## Data to use
###

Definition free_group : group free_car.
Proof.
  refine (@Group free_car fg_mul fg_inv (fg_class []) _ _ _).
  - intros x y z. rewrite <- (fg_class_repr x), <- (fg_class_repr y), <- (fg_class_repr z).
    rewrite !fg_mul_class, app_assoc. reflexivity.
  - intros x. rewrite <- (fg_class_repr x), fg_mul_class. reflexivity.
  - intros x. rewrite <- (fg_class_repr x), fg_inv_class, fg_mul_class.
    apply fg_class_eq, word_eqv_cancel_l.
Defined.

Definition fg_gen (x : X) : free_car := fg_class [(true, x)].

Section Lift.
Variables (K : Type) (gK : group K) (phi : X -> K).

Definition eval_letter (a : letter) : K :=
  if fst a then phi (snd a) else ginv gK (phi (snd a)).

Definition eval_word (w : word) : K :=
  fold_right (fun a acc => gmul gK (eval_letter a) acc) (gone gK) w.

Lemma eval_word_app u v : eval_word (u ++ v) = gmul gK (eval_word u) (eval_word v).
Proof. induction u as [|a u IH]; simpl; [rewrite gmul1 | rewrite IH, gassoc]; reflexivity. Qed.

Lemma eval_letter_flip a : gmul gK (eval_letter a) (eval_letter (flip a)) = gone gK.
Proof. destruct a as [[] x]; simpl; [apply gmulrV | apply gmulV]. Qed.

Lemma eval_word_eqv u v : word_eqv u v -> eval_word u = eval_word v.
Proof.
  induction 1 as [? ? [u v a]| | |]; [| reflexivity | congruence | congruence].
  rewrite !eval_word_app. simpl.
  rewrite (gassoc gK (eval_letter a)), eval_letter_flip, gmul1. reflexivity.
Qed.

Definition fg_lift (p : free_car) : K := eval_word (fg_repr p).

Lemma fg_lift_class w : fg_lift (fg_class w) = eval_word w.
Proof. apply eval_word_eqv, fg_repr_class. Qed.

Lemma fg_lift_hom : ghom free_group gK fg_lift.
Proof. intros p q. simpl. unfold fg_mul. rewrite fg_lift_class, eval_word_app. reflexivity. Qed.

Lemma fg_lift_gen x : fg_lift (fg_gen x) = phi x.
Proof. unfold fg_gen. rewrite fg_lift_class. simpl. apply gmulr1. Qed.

###

## Task details
Among the lines above, return those that contain the string "Definition".

## Written solution
Definition free_group : group free_car.
Definition fg_gen (x : X) : free_car := fg_class [(true, x)].
Definition eval_letter (a : letter) : K :=
Definition eval_word (w : word) : K :=
Definition fg_lift (p : free_car) : K := eval_word (fg_repr p).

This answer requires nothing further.